Sunday 6 April 2014

Safe In the Heat Of the Moment...A Northern Canadian Gal's Dedicated & Duranified Musings

If you were to ask those close to me (and I mean REALLY close to me) to use 5 phrases and/or words to best describe me,  some of these things might include: "sickeningly cheery"," gullible", "laughs at everything", "drinks her body weight in Pepsi and overpriced coffee", "will spend $15 on a bad martini", "a total music nut", and "has a feverish love for kitties and pitbulls". But no matter what combination of words those close to me would come up with, everyone's list would no doubt include "Obsessed beyond reason with Duran Duran".

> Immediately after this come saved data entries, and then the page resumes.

(* Let $s\geqslant1$, let $\bar X=X_1,\dots,X_r$ be variables and $\bar f=f_1,\dots,f_r$ elements of the corresponding domains of $\mathcal{B}_s$. (1) Let $m\geqslant1$, let $\varphi(\bar X)$ be a formula of $LP_s$ with all free variables among $\bar X$ and $sort(\varphi)\leqslant m$, and let $\alpha,\beta\in M$ satisfy $\langle\alpha\rangle_i=\langle\beta\rangle_i$ for all $i=0,\dots,m-1$. Then $\alpha\Vdash\varphi(\bar f)$ iff $\beta\Vdash\varphi(\bar f)$. (2) Let $p\geqslant1$, let $\varphi(\mathcal H^p,\bar X)$ be a formula of $LP_s$ with all free variables among $\mathcal H^p,\bar X$, with $sort(\varphi)\leqslant p$, and such that $\varphi$ has no free variables of type $p$ over non-lawlike functionals other than $\mathcal H^p$. Let $\alpha\in M$ and $g,h\in l_p$ with $g(\bar\alpha(p),n)=h(\bar\alpha(p),n)$ for all $n<lh(\alpha)$. Then $\alpha\Vdash\varphi(g,\bar f)$ iff $\alpha\Vdash\varphi(h,\bar f)$.
   Context: $sort(\varphi)$ is the maximal type of the free variables of $\varphi$ (0 if none); number variables have type 0, and the three kinds of functional variables $F^n,A^n,\mathcal F^n$ have type $n$; ''non-lawlike'' variables of type $n$ are the $F^n$ and $\mathcal F^n$. Language $L_s$ ($s\geqslant1$). Variables: $x,y,z,\dots$ of type 0 (natural numbers); for $1\leqslant n\leqslant s$, variables $F^n,G^n,\dots$ (over $n$-functionals), $A^n,B^n,\dots$ (over lawlike $n$-functionals), $\mathcal{F}^n,\mathcal{G}^n,\dots$ (over lawless $n$-functionals). Constants: $0$ and $K^n$. Terms and $n$-functionals: number variables and $0$ are terms; type-$n$ variables and $K^n$ are $n$-functionals; $St$, $t+\tau$, $t\cdot\tau$ are terms for terms $t,\tau$; $N^n(Z)$ is an $n$-functional for an $n$-functional $Z$; $Z(t)=Ap^1(Z,t)$ is a term for a 1-functional $Z$; $Z(t)=Ap^{n+1}(Z,t)$ is an $n$-functional for an $(n+1)$-functional $Z$. Atomic formulas $t=_0\tau$, $Z=_nV$; formulas built with $\bot,\wedge,\vee,\supset,\forall,\exists$. $LP_s$ adds atomic formulas $\vdash_z\varphi(\bar X)$ for terms $z$ and formulas $\varphi$ of $L_s$ with free variables in $\bar X$. Beth model $\mathcal{B}_s$. A path in a poset is a maximal linearly ordered subset; a path through $x$ is a path containing $x$. $b^{(m)}$: sequences of length $m$ from $b$; $b^*$: finite sequences, with $y\leqslant x$ iff $x$ is an initial segment of $y$. $a_0=\omega$, $d_0=\{\langle x\rangle:x\in\omega^*\}$ with $\langle x\rangle\preccurlyeq_0\langle y\rangle$ iff $x\leqslant y$. For $k\geqslant1$: $a_k$ = partial functions $f:d_{k-1}\times\omega\dashrightarrow a_{k-1}$ that are monotonic ($y\preccurlyeq_{k-1}x\Rightarrow f(x,\cdot)\subseteq f(y,\cdot)$) and complete (for each path $S$ in $d_{k-1}$, $\bigcup_{x\in S}f(x,\cdot)$ is total); $d_k=\bigcup_m a_0^{(m)}\times\dots\times a_k^{(m)}$, $x\preccurlyeq_ky$ iff $\langle x\rangle_i\leqslant\langle y\rangle_i$ for all $i\leqslant k$, $lh(x)=m$ on the $m$-th piece. Nodes $M=d_{s-1}$, $\preccurlyeq=\preccurlyeq_{s-1}$, root $\varepsilon=\langle\langle\rangle,\dots,\langle\rangle\rangle$; for $\alpha=\langle\alpha_0,\dots,\alpha_{s-1}\rangle$, $\langle\alpha\rangle_i=\alpha_i$ and $\bar\alpha(k)=\langle\alpha_0,\dots,\alpha_{k-1}\rangle\in d_{k-1}$. Domains: $\omega$; $a_k$; $b_k=\{f\in a_k: f(\text{root of }d_{k-1},\cdot)\text{ total}\}$; $l_k=\{\nu_k(\xi):\xi\in c_k\}$ with $c_k$ the maps $\xi:\omega\times a_{k-1}\to a_{k-1}$ with each $\xi(n,\cdot)$ bijective and $\nu_k(\xi)(x,n)=\xi(n,\langle\langle x\rangle_{k-1}\rangle_n)$ for $n<lh(x)$, undefined otherwise. Interpretations: $\widehat K^1(x,n)=0$, $\widehat K^{k+1}(x,n)=\widehat K^k$; usual $0,S,+,\cdot$; $N^k\mapsto S^k$ with $S^0(x)=x+1$, $S^{n+1}(f)=S^n\circ f$; at node $\alpha$, $Ap^k(f,n)\mapsto f(\bar\alpha(k),n)$; $Z^{[\alpha]}$ is the (possibly undefined) value at $\alpha$ of an evaluated term/functional. $Val(\alpha,Z=_kV)=T$ iff $Z^{[\alpha]},V^{[\alpha]}$ defined and equal; $Val(\alpha,\vdash_t\varphi)=T$ iff $t^{[\alpha]}$ defined and some $\gamma$ with $\alpha\preccurlyeq\gamma$, $lh(\gamma)=t^{[\alpha]}$ has $\gamma\Vdash\varphi$. Forcing (Beth): atomic $\varphi$: every path through $\alpha$ meets $\beta$ with $Val(\beta,\varphi)=T$; $\alpha\not\Vdash\bot$; $\wedge$ componentwise; $\vee$: every path through $\alpha$ meets $\beta$ forcing a disjunct; $\psi\supset\eta$: every $\beta\preccurlyeq\alpha$ forcing $\psi$ forces $\eta$; $\forall X\psi$: $\alpha\Vdash\psi(c)$ for all $c$ in the domain; $\exists X\psi$: every path through $\alpha$ meets $\beta$ with $\beta\Vdash\psi(c)$ for some $c$. $\mathcal B_s\Vdash\varphi$ means $\varepsilon\Vdash\varphi$. *)

From Stdlib Require Import List Arith PeanoNat Classical.
Import ListNotations.
(** * Coverings *)

Lemma injective_on_next_rank (P R : Poset) (f : P -> R) (k : nat) :
  (forall x, prk R (f x) = prk P x) -> (forall x y, ple P x y -> ple R (f x) (f y)) ->
  diamond_at P k -> diamond_at R k -> unique_join P k (S k) ->
  injective_on_rank f k -> injective_on_rank f (S k).
Proof.
  intros Hprk Hple HdP HdR Huniq Hinj x y Hx Hy Exy.
  destruct (HdP x Hx) as (z1 & z2 & Hz12 & Hz).
  destruct (HdP y Hy) as (w1 & w2 & Hw12 & Hw).
  destruct (HdR (f y)) as (u1 & u2 & _ & Hu); [rewrite Hprk; exact Hy|].
  assert (Himg : forall z, prk P z = k -> ple P z y -> f z = u1 \/ f z = u2)
    by (intros z Hzk Hzy; apply Hu; rewrite Hprk; auto).
  assert (Hw1 : prk P w1 = k /\ ple P w1 y) by (apply Hw; auto).
  assert (Hw2 : prk P w2 = k /\ ple P w2 y) by (apply Hw; auto).
  assert (Hfw : f w1 <> f w2)
    by (intros E; apply Hw12, Hinj; [apply Hw1 | apply Hw2 | exact E]).
  assert (Hfw1 : f w1 = u1 \/ f w1 = u2) by (apply Himg; apply Hw1).
  assert (Hfw2 : f w2 = u1 \/ f w2 = u2) by (apply Himg; apply Hw2).
  (* f w1, f w2 are the two faces of rank k below f x = f y *)
  assert (Hsub : forall z, prk P z = k -> ple P z x -> ple P z y).
  { intros z Hzk Hzx.
    assert (Hfz : f z = u1 \/ f z = u2).
    { apply Hu. rewrite Hprk, <- Exy. auto. }
    assert (Hfz' : f z = f w1 \/ f z = f w2).
    { destruct Hfz, Hfw1, Hfw2; first [left; congruence | right; congruence | exfalso; congruence]. }
    destruct Hfz' as [E|E]; apply Hinj in E; auto; subst; tauto. }
  assert (Hz1 : prk P z1 = k /\ ple P z1 x) by (apply Hz; auto).
  assert (Hz2 : prk P z2 = k /\ ple P z2 x) by (apply Hz; auto).
  apply (Huniq z1 z2); auto; try tauto; apply Hsub; tauto.
Qed.

Section Covering.
Variables (n : nat) (Q R : Poset).
Hypothesis HQ : is_polytope n Q.
Hypothesis HR : is_polytope n R.
Variable f : Q -> R.
Hypothesis Hf : covering n Q R f.

Lemma covering_prk x : prk R (f x) = prk Q x.
Proof. destruct Hf as (H & _); auto. Qed.

Lemma covering_ple x y : ple Q x y -> ple R (f x) (f y).
Proof. destruct Hf as (_ & H & _); auto. Qed.

Lemma covering_flag_neighbour phi i z : is_flag Q n phi -> 1 <= i -> i <= n -> prk Q z = i ->
  ple Q (phi (i - 1)) z -> ple Q z (phi (S i)) -> phi i <> z -> f (phi i) <> f z.
Proof.
  intros Hphi Hi1 Hin Hz Hlo Hhi Hne.
  destruct (flag_exchange Q n HQ phi i z) as [Hpsi Hadj]; auto.
  destruct Hf as (_ & _ & _ & _ & Hf_adj).
  destruct (Hf_adj i _ _ Hphi Hpsi Hadj) as (_ & Hdiff & _).
  cbv beta in Hdiff. rewrite Nat.eqb_refl in Hdiff. exact Hdiff.
Qed.

Lemma covering_injective_vertices : 1 <= n -> pairwise_joined Q 1 2 -> injective_on_rank f 1.
Proof.
  intros Hn Hjoin x y Hx Hy Exy. destruct (classic (x = y)) as [|Hne]; [assumption | exfalso].
  destruct (Hjoin x y Hx Hy Hne) as [e (He & Hxe & Hye)].
  destruct (flag_through Q n HQ x e Hxe) as [phi (Hphi & E1 & E2)].
  rewrite Hx in E1. rewrite He in E2.
  apply (covering_flag_neighbour phi 1 y); rewrite ?E1, ?E2; auto.
  apply (bottom_below Q n HQ), (flag_prk Q n); auto; lia.
Qed.

Lemma covering_injective_facets : 1 <= n -> pairwise_joined (dual Q (S n)) 1 2 ->
  injective_on_rank f n.
Proof.
  intros Hn Hjoin x y Hx Hy Exy. destruct (classic (x = y)) as [|Hne]; [assumption | exfalso].
  destruct (Hjoin x y) as [s (Hs & Hsx & Hsy)]; cbn [dual prk ple] in *; try lia; auto.
  pose proof (prk_bound Q n HQ s).
  destruct (flag_through Q n HQ s x Hsx) as [phi (Hphi & E1 & E2)].
  replace (prk Q s) with (n - 1) in E1 by lia. rewrite Hx in E2.
  apply (covering_flag_neighbour phi n y); rewrite ?E1, ?E2; auto.
  apply (top_above Q n HQ), (flag_prk Q n); auto.
Qed.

It's the day before my 33rd birthday, and as a gift to myself I have decided to write a blog piece in which I tell the tale of my life as a Duranie (Duranie: noun; the colloquial term for a highly obsessed fanboy/girl of the British pop/rock group Duran Duran that originated in the 1980's and are still going to this very day). I have been meaning to do this for some time, and I thought what better time to do it but on the cusp of my birthday. I believe my story as a Duranie is a unique one, and one I very much feel ready to tell. It is a story that encompasses my whole life, not just a part of it. I have been alive as long as Duran Duran have been making albums and their influence on key moments of my life have become essential to who I am today. My love for this band and the music they have created together fills my heart with deep satisfaction and affection and brings joy to my everyday existence, even in adulthood. If anything, more so in adulthood. Thanks to social media, I am fully aware that I am not the only grown-ass woman that feels this way. There is an enormous legion of us worldwide and there is a sisterly kinship we feel because of our love for this band. We've each got a fire and a passion that has never let up, and although many of us are separated by miles and oceans, it's Duran Duran that figuratively brings us all together.




So without further ado, here is my story:






I was born on April 7th, 1981 and was raised in a small mining town in Labrador, Canada. The winters were frigid and merciless, and the summers were short. I have two older sisters, the oldest being my sister Joanne who was 11 at the time of my birth. She was a quiet, bespectacled, studious girl who developed a love of the pop music of the day and by the time she was 13, had a pretty solid record collection. Her record collection included all the early Duran Duran albums.






She is what I would refer to as a "1st Generation Duranie" because she bought all the records that were out at the time, bought all the teen mags that they were featured in (Bop, Tiger Beat, etc), all her friends liked them, and she was even a member of the International Duran Duran Club. She played those early Duran records a lot, so much so, that my earliest childhood memory is hearing the 1981 Duran Duran single Girls On Film on vinyl. Yes. That is my first childhood memory. Not a cartoon, not a tender moment with my mother, not a toy, but hearing the cracks and pops of Duran Duran's 3rd single blaring through my sister's record player in the rec room that was in the basement of our family home.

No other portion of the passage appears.